Review - Saving Grace
September 18th 2009 16:51
Saving Grace is the story of Grace Trevethen, played by Brenda Blethyn. Grace is a middle-aged, upper class woman living on a large estate in Cornwall. Her husband has just committed suicide and she has been left with the estate which is in need of upkeep as well as a huge debt. Virtually everything has been mortgaged and she has to cope with repossessors knocking on her door as she grieves for her husband. Of course, the grief turns to anger when she finds out that her beloved husband had a mistress on the side! In order to keep her home the bank is insisting that Grace repay her debt and commit to making regular repayments of her mortgage.
When all the gardening equipment including the lawnmower is repossessed Grace has no option but to fire her gardener, Matthew. Matthew is a lovable and cheeky character played by Craig Ferguson, who also co-wrote the screenplay. Through a love of gardening Grace and Matthew have built a friendship. Grace has been blessed with a green thumb and can grow anything. When she finds out that Matthew is having trouble growing his plants she offers him the use of her hothouses.
There are some hilarious moments in the movie. Wait for the scene where the two old ladies who run the local store drink the herbal tea made with that delightfully unusual herb that they took from Grace’s hothouse. The funniest part of the film is when Grace, a middle aged, upper class woman in a dated suit, heads off to meet the local drug lord so that she can sell her crop.
The film is a mix of tender moments and hilarity, set against a stunning Cornish background.
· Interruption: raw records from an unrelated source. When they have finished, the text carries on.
(* Let $N \ge 1$. Then: (1) $f(N,1)=0$. (2) $f(N+1,\Delta) \geq f(N,\Delta)+1$ for $N \geq \Delta \geq 2$. (3) $f(N,\Delta+1) \geq f(N,\Delta)+1$ for $\Delta \ge 1$ and $N > \binom{\Delta+1}{2}$. (4) For $\Delta+1 \le N$: if $\Delta > \frac{N}{2}$ then $f(N,\Delta+1) \geq f(N,\Delta)$, and if $\Delta > \lceil \frac{N}{2} \rceil$ then $f(N,\Delta+1) \geq f(N,\Delta)+1$.
   Context: All graphs are finite and simple; $L(G)$ is the line graph of $G$; $e(\cdot)$, $\Delta(\cdot)$, $\delta(\cdot)$ denote number of edges, maximum degree and minimum degree. For integers $N \ge \Delta \ge 1$, $f(N,\Delta) = \max\{ e(L(G)) : e(G)=N, \Delta(G)=\Delta, \delta(G)\geq 1\}$, the maximum over all simple graphs $G$. *)

From mathcomp Require Import all_boot all_order.
From mathcomp Require Import boolp.
Set Implicit Arguments. Unset Strict Implicit. Unset Printing Implicit Defensive.

(* A finite simple graph on a finite vertex type T is given by its edge set
   E : {set {set T}}, every edge being a 2-element subset of T. *)
Definition simple_graph (T : finType) (E : {set {set T}}) : Prop :=
  forall e, e \in E -> #|e| = 2.

Definition deg (T : finType) (E : {set {set T}}) (v : T) : nat :=
  #|[set e in E | v \in e]|.

Definition maxdeg (T : finType) (E : {set {set T}}) : nat :=
  \max_(v : T) deg E v.

Definition mindeg_ge1 (T : finType) (E : {set {set T}}) : Prop :=
  forall v : T, 0 < deg E v.

(* Edge set of the line graph L(G): its vertices are the edges of G, and two
   distinct edges are adjacent iff they share an endpoint. *)
Definition line_edges (T : finType) (E : {set {set T}}) : {set {set {set T}}} :=
  [set F : {set {set T}} | [&& F \subset E, #|F| == 2 &
     [forall e1 in F, forall e2 in F, e1 :&: e2 != set0]]].

Definition achievable (N D k : nat) : Prop :=
  exists (T : finType) (E : {set {set T}}),
    [/\ simple_graph E, #|E| = N, maxdeg E = D, mindeg_ge1 E
      & #|line_edges E| = k].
The relationship that exists between Grace and Matthew is beautiful particularly in the scene where they sit on the cliff tops and smoke their ‘cigarette’.
Saving Grace is a gentle and funny film to watch. It is saved from being silly by Blethyn’s convincing performance. She is a standout in the film. The story line is a little predictable but remember that this is a British comedy and it is not designed to be an in depth expose of the drug world. It is designed to make us laugh along with a story that is light and pleasant.
Saving Grace is a great film for a quiet Sunday afternoon. Don’t judge it, just enjoy it.